If you have 2 displays, then choose one. From a score out of 6 I would give myself a 3, being 1 the cleanest and 6 the messiest.


----------



## ora (Mar 30, 2007)

Hospital clean, cos I just bought a screen cleaning kit thingy and have got obsessive about it. It seems more important on these glossy screens as the marks show more. Movies look a _lot_ better though.


----------



## Mikuro (Mar 30, 2007)

I said "hospital clean". There's never anything worse than dust on my monitor, and I don't let that build up much, either.

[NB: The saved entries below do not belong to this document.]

(* Let $r,s,t>1$ and $M>0$ be real numbers, set $c = 4rst - 2r^2 - 2s^2 - 2t^2 + 1$ and assume $c>1$. Put $\tilde M = M\,\frac{s\sqrt{c^2-1} + (c-1)\sqrt{s^2-1}}{c-1}$. Define the following elements of $\mathrm{SL}(2,\mathbb{R})$: $$\rho = r\mathbf{1} + \frac{r(c+1)}{\sqrt{c^2-1}}\mathbf{I} - \frac{\tilde M(2rs - t + (c+\sqrt{c^2-1})t)}{2(c-1+2s^2)}(\mathbf{J}+\mathbf{K}) + \frac{2rs-t+(c-\sqrt{c^2-1})t}{2\tilde M(c-1)}(\mathbf{J}-\mathbf{K}),$$ $$\sigma = s\mathbf{1} - \frac{s(c+1)}{\sqrt{c^2-1}}\mathbf{I} + \frac{\tilde M}{2}(\mathbf{J}+\mathbf{K}) - \frac{c-1+2s^2}{2\tilde M(c-1)}(\mathbf{J}-\mathbf{K}),$$ and let $\rho'$, $\sigma'$ be obtained from $\rho$, $\sigma$ respectively by changing the signs of the coefficients of $(\mathbf{J}+\mathbf{K})$ and $(\mathbf{J}-\mathbf{K})$ (leaving the coefficients of $\mathbf{1}$ and $\mathbf{I}$ unchanged). Let $\mathcal{S}$ be the genus 2 hyperbolic surface obtained by doubling the once-punctured torus determined by $\rho,\sigma$, whose fundamental group is represented by the group generated by (the images in $\mathrm{PSL}(2,\mathbb{R})$ of) $\rho,\sigma,\rho',\sigma'$. Then the trace field of $\mathcal{S}$, i.e. $\mathbb{Q}(\{\mathrm{tr}\,\gamma\})$ where $\gamma$ ranges over the preimage in $\mathrm{SL}(2,\mathbb{R})$ of this group, is equal to $\mathbb{Q}(r,s,t)$.
   Context: $\mathbf{1} = \begin{pmatrix}1&0\\0&1\end{pmatrix}$, $\mathbf{I} = \begin{pmatrix}1&0\\0&-1\end{pmatrix}$, $\mathbf{J} = \begin{pmatrix}0&1\\1&0\end{pmatrix}$, $\mathbf{K} = \begin{pmatrix}0&1\\-1&0\end{pmatrix}$. With these parameters $\rho,\sigma$ generate a Fuchsian group uniformizing a hyperbolic once-punctured torus $\mathcal{T}$ with $\mathrm{tr}\,\rho=2r$, $\mathrm{tr}\,\sigma=2s$, $\mathrm{tr}\,\rho\sigma=2t$, $\mathrm{tr}\,[\rho,\sigma] = -2c$; $\rho',\sigma'$ correspond to the mirror image of $\mathcal{T}$ (the Möbius map $\frac{az+b}{cz+d}$ is replaced by $\frac{az-b}{-cz+d}$), and $\mathcal{S}$ is obtained by gluing $\mathcal{T}$ and its mirror image along their common boundary. *)

From HB Require Import structures.
From mathcomp Require Import all_boot all_order all_algebra.
From mathcomp Require Import reals.
Set Implicit Arguments. Unset Strict Implicit. Unset Printing Implicit Defensive.
Import Order.TTheory GRing.Theory Num.Theory.
Local Open Scope ring_scope.

Section Defs.
Variable R : realType.

Definition mk2 (a b c d : R) : 'M[R]_2 :=
  \matrix_(i < 2, j < 2)
    (if i == 0 :> nat then (if j == 0 :> nat then a else b)
     else (if j == 0 :> nat then c else d)).

Definition mat1 : 'M[R]_2 := mk2 1 0 0 1.
Definition matI : 'M[R]_2 := mk2 1 0 0 (-1).
Definition matJ : 'M[R]_2 := mk2 0 1 1 0.
Definition matK : 'M[R]_2 := mk2 0 1 (-1) 0.

Definition qmat (a b u v : R) : 'M[R]_2 :=
  a *: mat1 + b *: matI + u *: (matJ + matK) + v *: (matJ - matK).

Definition cpar (r s t : R) : R :=
  4 * r * s * t - 2 * r ^+ 2 - 2 * s ^+ 2 - 2 * t ^+ 2 + 1.

Definition Mtilde (r s t M : R) : R :=
  let c := cpar r s t in
  M * ((s * Num.sqrt (c ^+ 2 - 1) + (c - 1) * Num.sqrt (s ^+ 2 - 1)) / (c - 1)).

Definition rho_coeffs (r s t M : R) : R * R * R * R :=
  let c := cpar r s t in
  let q := Num.sqrt (c ^+ 2 - 1) in
  let Mt := Mtilde r s t M in
  (r, r * (c + 1) / q,
   - (Mt * (2 * r * s - t + (c + q) * t) / (2 * (c - 1 + 2 * s ^+ 2))),
   (2 * r * s - t + (c - q) * t) / (2 * Mt * (c - 1))).

Definition sigma_coeffs (r s t M : R) : R * R * R * R :=
  let c := cpar r s t in
  let q := Num.sqrt (c ^+ 2 - 1) in
  let Mt := Mtilde r s t M in
  (s, - (s * (c + 1) / q), Mt / 2, - ((c - 1 + 2 * s ^+ 2) / (2 * Mt * (c - 1)))).

Definition of_coeffs (x : R * R * R * R) : 'M[R]_2 :=
  let: (a, b, u, v) := x in qmat a b u v.
Definition of_coeffs' (x : R * R * R * R) : 'M[R]_2 :=
  let: (a, b, u, v) := x in qmat a b (- u) (- v).

Definition rho r s t M := of_coeffs (rho_coeffs r s t M).
Definition sigma r s t M := of_coeffs (sigma_coeffs r s t M).
Definition rho' r s t M := of_coeffs' (rho_coeffs r s t M).
Definition sigma' r s t M := of_coeffs' (sigma_coeffs r s t M).

Inductive gen_group (S : 'M[R]_2 -> Prop) : 'M[R]_2 -> Prop :=
  | gg_gen g : S g -> gen_group S g
  | gg_one : gen_group S 1%:M
  | gg_mul g h : gen_group S g -> gen_group S h -> gen_group S (g *m h)
  | gg_inv g : gen_group S g -> gen_group S (invmx g).

Inductive gen_field (S : R -> Prop) : R -> Prop :=
  | gf_gen x : S x -> gen_field S x
  | gf_one : gen_field S 1
  | gf_add x y : gen_field S x -> gen_field S y -> gen_field S (x + y)
  | gf_opp x : gen_field S x -> gen_field S (- x)
  | gf_mul x y : gen_field S x -> gen_field S y -> gen_field S (x * y)
  | gf_inv x : gen_field S x -> x != 0 -> gen_field S (x^-1).

(* preimage in SL(2,R) of the group generated by the images in PSL(2,R)
   of rho, sigma, rho', sigma' : generated by these and -1 *)
Definition surface_group (r s t M : R) : 'M[R]_2 -> Prop :=
  gen_group (fun g => g = rho r s t M \/ g = sigma r s t M \/
                      g = rho' r s t M \/ g = sigma' r s t M \/ g = - 1%:M).

Definition trace_field (r s t M : R) : R -> Prop :=
  gen_field (fun x => exists g, surface_group r s t M g /\ x = \tr g).

End Defs.

From HB Require Import structures.
From mathcomp Require Import all_boot all_order all_algebra.
From mathcomp Require Import reals ring lra.
Set Implicit Arguments. Unset Strict Implicit. Unset Printing Implicit Defensive.
Import Order.TTheory GRing.Theory Num.Theory.
Local Open Scope ring_scope.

(And hospital computers are generally not clean, anyway...)


----------



## aicul (Mar 30, 2007)

I would say the real question should be : 


> How dirty can your screen become before you clean it?


----------



## Satcomer (Mar 30, 2007)

I use Radtech's OmniCleanz and works quite well with that little cloth they include.


----------



## chevy (Mar 30, 2007)

I'm between 1 and 2. My screen is always clean... but I don't need to clean it every day, it's just placed so that it doesn't get too much dust.


----------



## Lt Major Burns (Mar 31, 2007)

filthy.  it didn't help that i managed to spray spraymount onto my Apple screen by accident


----------



## Rhisiart (Mar 31, 2007)

I can never get my CRT smudge free, even with OmniCleanz.


----------



## Ferdinand (Mar 31, 2007)

It might not work that well because it says "Excellent for * LCD and Plasma Displays*", and you have a CRT, but it actually shouldn't matter...


----------



## Rhisiart (Mar 31, 2007)

Ferdinand said:


> It might not work that well because it says "Excellent for * LCD and Plasma Displays*", and you have a CRT, but it actually shouldn't matter...


Oops!


----------



## sinclair_tm (Apr 2, 2007)

i use iklear on my viewsonic lcd, and it works great.  i figured that if its safe for apple screens, then its got to be safe for other screens too.  only problem is that it doesn't remove ball point pen ink from your screen.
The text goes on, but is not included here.